Registration/Enrollment 
Voter registration (or enrollment) is an extra step in the election process creates extra work for voters, especially those who move often and are new to the system, thereby suppressing their votes. It is the number one reason why citizens in the U.S. don't vote, which is why most democracies automatically enroll their citizens. Same-day registration is another tool to make registration less of a barrier. In addition, the existence of the process itself opens up more opportunities to make the process intentionally difficult or impossible, including aggressive voter roll purges. The Cost of Voting Index quantifies how different voter registration experiences are in states around the U.S.

Votes count differently between jurisdictions 
All votes should count the same, but unlike in systems with proportional representation, winner-take-all geographic-based representation are especially vulnerable to weakening and wasting certain votes year after year, especially in the U.S. where gerrymandering is still allowed. This phenomenon also suppresses turnout for that and other elections help simultaneously in states that are not competitive, suppressing the popular vote for president in the U.S., for example, while lowering turnout in a host of other contests. In contrast, a parliamentary system typically significantly reduces wasted (suppressed) votes, helping to ensure more vote equality and encouraging greater overall participation.

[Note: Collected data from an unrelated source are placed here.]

(* There exists a continuous function $f\colon[0,1]\to\mathbb{R}$ such that, with $x_n:=\sum_{k=1}^{n-1} f\big(\tfrac kn\big)$ and $y_n:=x_{n+1}-x_n$ for natural $n$, the limit $\lim_{n\to\infty} y_n$ does not exist. *)

From Stdlib Require Import Reals.
Open Scope R_scope.

Definition continuous_on_01 (f : R -> R) : Prop :=
  forall x, 0 <= x <= 1 ->
    forall eps, eps > 0 -> exists delta, delta > 0 /\
      forall y, 0 <= y <= 1 -> Rabs (y - x) < delta -> Rabs (f y - f x) < eps.

Fixpoint partial_sum (g : nat -> R) (m : nat) : R :=
  match m with
  | O => 0
  | S m' => partial_sum g m' + g m
  end.
(* partial_sum g m = g 1 + ... + g m *)

Definition xseq (f : R -> R) (n : nat) : R :=
  partial_sum (fun k => f (INR k / INR n)) (n - 1).

Definition yseq (f : R -> R) (n : nat) : R := xseq f (S n) - xseq f n.

From Stdlib Require Import Reals Lra Lia ZArith.
From Coquelicot Require Import Coquelicot.
Open Scope R_scope.

(* Take f(x) = sum_l 2^-l cos(2 pi 2^l x), continuous as a normally convergent
   series.  The cosine sum S(m, n) = sum_{k=1}^{n-1} cos(2 pi m k / n) equals n - 1
   when n divides m and -1 otherwise, and x_n = sum_l 2^-l S(2^l, n).  So x_n = -2
   for odd n > 1, whereas for n = 2^i the terms l >= i contribute 2^-l (2^i - 1)
   and x_{2^i} = 0.  Hence y_{2^i - 1} = 2 and y_{2^i} = -2 for all i >= 2. *)

Lemma continuous_on_01_of_continuity (f : R -> R) :
  continuity f -> continuous_on_01 f.
Proof.
  intros Hf x _ eps Heps.
  destruct (Hf x eps Heps) as [delta [Hdelta Hclose]].
  exists delta. split; [exact Hdelta|].
  intros y _ Hy.
  destruct (Req_dec x y) as [<-|Hxy].
  - rewrite Rminus_eq_0, Rabs_R0. exact Heps.
  - apply (Hclose y). split; [split; [exact I|exact Hxy] | exact Hy].
Qed.

Lemma CVN_R_of_bound (fn : nat -> R -> R) (M : nat -> R) (s : R) :
  is_series M s -> (forall n x, Rabs (fn n x) <= M n) -> CVN_R fn.
Proof.
  intros HM Hbound r.
  exists M, s. split.
  - apply is_series_Reals.
    apply is_series_ext with M; [|exact HM].
    intros n. symmetry. apply Rabs_pos_eq.
    apply Rle_trans with (Rabs (fn n 0)); [apply Rabs_pos|apply Hbound].
  - intros n y _. apply Hbound.
Qed.

Lemma continuity_Series (fn : nat -> R -> R) :
  CVN_R fn -> (forall n, continuity (fn n)) ->
  continuity (fun x => Series (fun n => fn n x)).
Proof.
  intros Hnormal Hcont x.
  set (cv := CVN_R_CVS fn Hnormal).
  apply continuity_pt_ext with (SFL fn cv).
  - intros y. unfold SFL. destruct (cv y) as [l Hl].
    symmetry. apply is_series_unique, is_series_Reals. exact Hl.
  - apply SFL_continuity; assumption.
Qed.

Lemma is_series_0 : is_series (fun _ : nat => 0) 0.
Proof.
  apply (filterlim_ext (fun _ => zero)); [|apply filterlim_const].
  intros n. symmetry. exact (sum_n_m_const_zero 0 n).
Qed.

Lemma is_series_half_pow : is_series (fun l => (/ 2) ^ l) 2.
Proof.
  pose proof (is_series_geom (/ 2) ltac:(rewrite Rabs_pos_eq; lra)) as Hgeom.
  replace (/ (1 - / 2)) with 2 in Hgeom by field.
  exact Hgeom.
Qed.

Lemma is_series_shift (a : nat -> R) (n : nat) (l : R) :
  (0 < n)%nat -> is_series (fun k => a (n + k)%nat) l ->
  is_series a (sum_f_R0 a (pred n) + l).
Proof.
  intros Hn Htail. apply (is_series_decr_n a n); [exact Hn|].
  (* The goal's [sum_n] carries a different, convertible instance: rewrite [Htail] instead. *)
  assert (Hl : l = plus (sum_f_R0 a (pred n) + l) (opp (sum_n a (pred n)))).
  { rewrite sum_n_Reals. cbn. unfold plus, opp. cbn. ring. }
  rewrite Hl in Htail. exact Htail.
Qed.

Lemma partial_sum_ext (g h : nat -> R) (m : nat) :
  (forall k, g k = h k) -> partial_sum g m = partial_sum h m.
Proof. intros Hgh. induction m as [|m IH]; simpl; [reflexivity|now rewrite IH, Hgh]. Qed.

Lemma partial_sum_scal_l (a : R) (g : nat -> R) (m : nat) :
  partial_sum (fun k => a * g k) m = a * partial_sum g m.
Proof. induction m as [|m IH]; simpl; [ring|rewrite IH; ring]. Qed.

Lemma partial_sum_const (c : R) (m : nat) : partial_sum (fun _ => c) m = INR m * c.
Proof. induction m as [|m IH]; simpl partial_sum; [simpl; ring|rewrite IH, S_INR; ring]. Qed.

Lemma is_series_partial_sum (u : nat -> nat -> R) (s : nat -> R) (m : nat) :
  (forall k, is_series (u k) (s k)) ->
  is_series (fun l => partial_sum (fun k => u k l) m) (partial_sum s m).
Proof.
  intros Hu. induction m as [|m IH]; simpl.
  - apply is_series_0.
  - apply (is_series_plus _ _ _ _ IH (Hu (S m))).
Qed.

Lemma cos_2PI_INR (j : nat) : cos (2 * PI * INR j) = 1.
Proof. replace (2 * PI * INR j) with (0 + 2 * INR j * PI) by ring. now rewrite cos_period, cos_0. Qed.

Lemma sin_2PI_INR (j : nat) : sin (2 * PI * INR j) = 0.
Proof. replace (2 * PI * INR j) with (0 + 2 * INR j * PI) by ring. now rewrite sin_period, sin_0. Qed.

Lemma partial_sum_cos_telescope (t : R) (j : nat) :
  2 * sin (t / 2) * partial_sum (fun k => cos (INR k * t)) j
  = sin ((2 * INR j + 1) * (t / 2)) - sin (t / 2).
Proof.
  induction j as [|j IH]; cbn [partial_sum].
  - simpl INR. replace ((2 * 0 + 1) * (t / 2)) with (t / 2) by ring. ring.
  - assert (Hstep : sin ((2 * INR (S j) + 1) * (t / 2)) - sin ((2 * INR j + 1) * (t / 2))
                     = 2 * sin (t / 2) * cos (INR (S j) * t)).
    { rewrite form4, S_INR.
      replace (((2 * (INR j + 1) + 1) * (t / 2) + (2 * INR j + 1) * (t / 2)) / 2)
        with ((INR j + 1) * t) by field.
      replace (((2 * (INR j + 1) + 1) * (t / 2) - (2 * INR j + 1) * (t / 2)) / 2)
        with (t / 2) by field.
      ring. }
    rewrite Rmult_plus_distr_l, IH, <- Hstep. ring.
Qed.

Lemma sin_PI_ratio_eq_0 (m n : nat) :
  (0 < n)%nat -> sin (PI * INR m / INR n) = 0 -> Nat.divide n m.
Proof.
  intros Hn Hsin.
  assert (Hn0 : INR n <> 0) by (apply not_0_INR; lia).
  destruct (sin_eq_0_0 _ Hsin) as [z Hz].
  assert (Hmz : INR m = IZR z * INR n).
  { apply (Rmult_eq_reg_r (PI / INR n)).
    - rewrite Rmult_assoc. replace (INR n * (PI / INR n)) with PI by (field; exact Hn0).
      rewrite <- Hz. field. exact Hn0.
    - apply Rgt_not_eq, Rdiv_lt_0_compat; [apply PI_RGT_0|apply lt_0_INR; lia]. }
  rewrite !INR_IZR_INZ, <- mult_IZR in Hmz. apply eq_IZR in Hmz.
  assert (Hz0 : (0 <= z)%Z) by nia.
  exists (Z.to_nat z). lia.
Qed.

Definition cos_root_sum (m n : nat) : R :=
  partial_sum (fun k => cos (2 * PI * (INR m * (INR k / INR n)))) (n - 1).

Lemma cos_root_sum_divide (m n : nat) :
  (0 < n)%nat -> Nat.divide n m -> cos_root_sum m n = INR n - 1.
Proof.
  intros Hn [q ->]. unfold cos_root_sum.
  rewrite (partial_sum_ext _ (fun _ => 1)).
  - rewrite partial_sum_const, minus_INR by lia. simpl. ring.
  - intros k. rewrite <- (cos_2PI_INR (q * k)). f_equal.
    rewrite !mult_INR. field. apply not_0_INR. lia.
Qed.

Lemma cos_root_sum_not_divide (m n : nat) :
  (0 < n)%nat -> ~ Nat.divide n m -> cos_root_sum m n = -1.
Proof.
  intros Hn Hndiv.
  assert (Hn0 : INR n <> 0) by (apply not_0_INR; lia).
  set (t := 2 * PI * INR m / INR n).
  assert (Hsin : sin (t / 2) <> 0).
  { intros H. apply Hndiv, sin_PI_ratio_eq_0; [exact Hn|].
    rewrite <- H. f_equal. unfold t. field. exact Hn0. }
  pose proof (partial_sum_cos_telescope t (n - 1)) as Ht.
  replace ((2 * INR (n - 1) + 1) * (t / 2)) with (2 * PI * INR m - t / 2) in Ht
    by (rewrite minus_INR by lia; unfold t; simpl; field; exact Hn0).
  rewrite sin_minus, sin_2PI_INR, cos_2PI_INR in Ht.
  unfold cos_root_sum.
  rewrite (partial_sum_ext _ (fun k => cos (INR k * t)))
    by (intros k; f_equal; unfold t; field; exact Hn0).
  apply (Rmult_eq_reg_l (2 * sin (t / 2))); [rewrite Ht; ring|].
  intros H. apply Hsin. lra.
Qed.

Lemma odd_not_divide_pow2 (n l : nat) : Nat.Odd n -> (1 < n)%nat -> ~ Nat.divide n (2 ^ l).
Proof.
  intros [t ->] Hn. induction l as [|l IH]; intros Hdiv.
  - apply Nat.divide_pos_le in Hdiv; simpl in *; lia.
  - apply IH. rewrite Nat.pow_succ_r' in Hdiv. destruct Hdiv as [q Hq].
    destruct (Nat.Even_or_Odd q) as [[r ->]|[r ->]]; [exists r; lia|exfalso; lia].
Qed.

Lemma pow2_divide_pow2 (i l : nat) : Nat.divide (2 ^ i) (2 ^ l) <-> (i <= l)%nat.
Proof.
  split.
  - intros Hdiv. apply (Nat.pow_le_mono_r_iff 2); [lia|].
    apply Nat.divide_pos_le; [|exact Hdiv]. apply Nat.neq_0_lt_0, Nat.pow_nonzero. lia.
  - intros Hil. exists (2 ^ (l - i))%nat. rewrite <- Nat.pow_add_r. f_equal. lia.
Qed.

Lemma odd_pow2_pred (i : nat) : (1 <= i)%nat -> Nat.Odd (2 ^ i - 1).
Proof.
  intros Hi. destruct i as [|j]; [lia|]. rewrite Nat.pow_succ_r'.
  pose proof (Nat.pow_nonzero 2 j). exists (2 ^ j - 1)%nat. lia.
Qed.

Lemma odd_pow2_succ (i : nat) : (1 <= i)%nat -> Nat.Odd (2 ^ i + 1).
Proof.
  intros Hi. destruct i as [|j]; [lia|]. rewrite Nat.pow_succ_r'. now exists (2 ^ j)%nat.
Qed.

Definition dyadic_wave (l : nat) (x : R) : R := (/ 2) ^ l * cos (2 * PI * (2 ^ l * x)).

Definition dyadic_series (x : R) : R := Series (fun l => dyadic_wave l x).

Lemma Rabs_dyadic_wave_le (l : nat) (x : R) : Rabs (dyadic_wave l x) <= (/ 2) ^ l.
Proof.
  unfold dyadic_wave. rewrite Rabs_mult, (Rabs_pos_eq ((/ 2) ^ l)) by (apply pow_le; lra).
  rewrite <- (Rmult_1_r ((/ 2) ^ l)) at 2.
  apply Rmult_le_compat_l; [apply pow_le; lra|apply Rabs_le, COS_bound].
Qed.

Lemma dyadic_series_continuity : continuity dyadic_series.
Proof.
  apply continuity_Series.
  - exact (CVN_R_of_bound _ _ _ is_series_half_pow Rabs_dyadic_wave_le).
  - intros l. unfold dyadic_wave. reg.
Qed.

Lemma is_series_dyadic_wave (x : R) : is_series (fun l => dyadic_wave l x) (dyadic_series x).
Proof.
  apply Series_correct.
  apply (@ex_series_le R_AbsRing R_CompleteNormedModule) with (fun l => (/ 2) ^ l).
  - intros l. apply Rabs_dyadic_wave_le.
  - exists 2. apply is_series_half_pow.
Qed.

Lemma is_series_xseq_dyadic_series (n : nat) :
  is_series (fun l => (/ 2) ^ l * cos_root_sum (2 ^ l) n) (xseq dyadic_series n).
Proof.
  apply is_series_ext with
    (fun l => partial_sum (fun k => dyadic_wave l (INR k / INR n)) (n - 1)).
  - intros l. unfold cos_root_sum, dyadic_wave.
    rewrite <- partial_sum_scal_l. apply partial_sum_ext. intros k.
    rewrite pow_INR. reflexivity.
  - apply is_series_partial_sum. intros k. apply is_series_dyadic_wave.
Qed.

Lemma xseq_dyadic_series_odd (n : nat) :
  Nat.Odd n -> (1 < n)%nat -> xseq dyadic_series n = -2.
Proof.
  intros Hodd Hn.
  rewrite <- (is_series_unique _ _ (is_series_xseq_dyadic_series n)).
  apply is_series_unique.
  apply is_series_ext with (fun l => (/ 2) ^ l * -1).
  - intros l. rewrite cos_root_sum_not_divide; [reflexivity|lia|].
    apply odd_not_divide_pow2; assumption.
  - replace (-2) with (2 * -1) by ring. apply is_series_scal_r, is_series_half_pow.
Qed.

Lemma xseq_dyadic_series_pow2 (i : nat) : (0 < i)%nat -> xseq dyadic_series (2 ^ i) = 0.
Proof.
  intros Hi.
  assert (Hpos : (0 < 2 ^ i)%nat) by (apply Nat.neq_0_lt_0, Nat.pow_nonzero; lia).
  set (t := fun l => (/ 2) ^ l * cos_root_sum (2 ^ l) (2 ^ i)).
  assert (Hlow : forall l, (l < i)%nat -> t l = (/ 2) ^ l * -1).
  { intros l Hl. unfold t. rewrite cos_root_sum_not_divide; [reflexivity|exact Hpos|].
    rewrite pow2_divide_pow2. lia. }
  assert (Hhigh : forall k, t (i + k)%nat = (/ 2) ^ k * (1 - (/ 2) ^ i)).
  { intros k. unfold t.
    rewrite cos_root_sum_divide by (exact Hpos || apply pow2_divide_pow2; lia).
    rewrite pow_INR, pow_add, pow_inv. replace (INR 2) with 2 by (simpl; lra).
    field. apply pow_nonzero. lra. }
  assert (Hhead : sum_f_R0 t (pred i) = - (2 - 2 * (/ 2) ^ i)).
  { rewrite (sum_eq _ (fun l => (/ 2) ^ l * -1)) by (intros l Hl; apply Hlow; lia).
    rewrite <- scal_sum, tech3 by lra. replace (S (pred i)) with i by lia. field. }
  rewrite <- (is_series_unique _ _ (is_series_xseq_dyadic_series (2 ^ i))).
  apply is_series_unique.
  replace 0 with (sum_f_R0 t (pred i) + 2 * (1 - (/ 2) ^ i)) by (rewrite Hhead; ring).
  apply is_series_shift; [exact Hi|].
  apply is_series_ext with (fun k => (/ 2) ^ k * (1 - (/ 2) ^ i)); [intros k; symmetry; apply Hhigh|].
  apply is_series_scal_r, is_series_half_pow.
Qed.

Lemma not_Un_cv_two_values (u : nat -> R) (a b : R) :
  a <> b ->
  (forall N, exists n, (N <= n)%nat /\ u n = a) ->
  (forall N, exists n, (N <= n)%nat /\ u n = b) ->
  ~ exists l, Un_cv u l.
Proof.
  intros Hab Ha Hb [l Hl].
  destruct (Hl (Rabs (a - b) / 2)) as [N HN].
  { apply Rdiv_lt_0_compat; [apply Rabs_pos_lt, Rminus_eq_contra, Hab|lra]. }
  destruct (Ha N) as [n [Hn Hun]], (Hb N) as [m [Hm Hum]].
  pose proof (HN n Hn) as Hnear_a. pose proof (HN m Hm) as Hnear_b.
  unfold R_dist in *. rewrite Hun in Hnear_a. rewrite Hum in Hnear_b.
  pose proof (Rabs_triang (a - l) (l - b)) as Htri.
  rewrite (Rabs_minus_sym l b) in Htri.
  replace (a - l + (l - b)) with (a - b) in Htri by ring.
  lra.
Qed.

Lemma yseq_dyadic_series_pow2_pred (i : nat) :
  (2 <= i)%nat -> yseq dyadic_series (2 ^ i - 1) = 2.
Proof.
  intros Hi. unfold yseq.
  assert (Hbig : (2 ^ 2 <= 2 ^ i)%nat) by (apply Nat.pow_le_mono_r; lia).
  simpl in Hbig.
  replace (S (2 ^ i - 1)) with (2 ^ i)%nat by lia.
  rewrite xseq_dyadic_series_pow2 by lia.
  rewrite xseq_dyadic_series_odd; [ring|apply odd_pow2_pred; lia|lia].
Qed.

Lemma yseq_dyadic_series_pow2 (i : nat) :
  (1 <= i)%nat -> yseq dyadic_series (2 ^ i) = -2.
Proof.
  intros Hi. unfold yseq.
  assert (Hbig : (2 ^ 1 <= 2 ^ i)%nat) by (apply Nat.pow_le_mono_r; lia).
  simpl in Hbig.
  replace (S (2 ^ i)) with (2 ^ i + 1)%nat by lia.
  rewrite xseq_dyadic_series_pow2 by lia.
  rewrite xseq_dyadic_series_odd; [ring|apply odd_pow2_succ; lia|lia].
Qed.

Theorem theorem1 :
  exists f : R -> R, continuous_on_01 f /\ ~ (exists l : R, Un_cv (yseq f) l).
Proof.
  exists dyadic_series. split.
  - apply continuous_on_01_of_continuity, dyadic_series_continuity.
  - apply (not_Un_cv_two_values _ 2 (-2)); [lra| |]; intros N;
      pose proof (Nat.pow_gt_lin_r 2 (N + 2) ltac:(lia)) as Hlarge.
    + exists (2 ^ (N + 2) - 1)%nat. split; [lia|]. apply yseq_dyadic_series_pow2_pred. lia.
    + exists (2 ^ (N + 2))%nat. split; [lia|]. apply yseq_dyadic_series_pow2. lia.
Qed.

Ballot referendum can also be a powerful avenue for changing political systems, for example, that are not as responsive to voters due to gerrymandering or other anti-democratic actions and policies.

By Country

Australia
Australian citizens are expected to enroll to vote, and it is their responsibility to update their enrollment when they change their address. Even so, an estimated 6% of eligible Australian voters are not enrolled or are enrolled incorrectly. They are disproportionately younger voters, many of whom might neglect to enroll when they attain voting age.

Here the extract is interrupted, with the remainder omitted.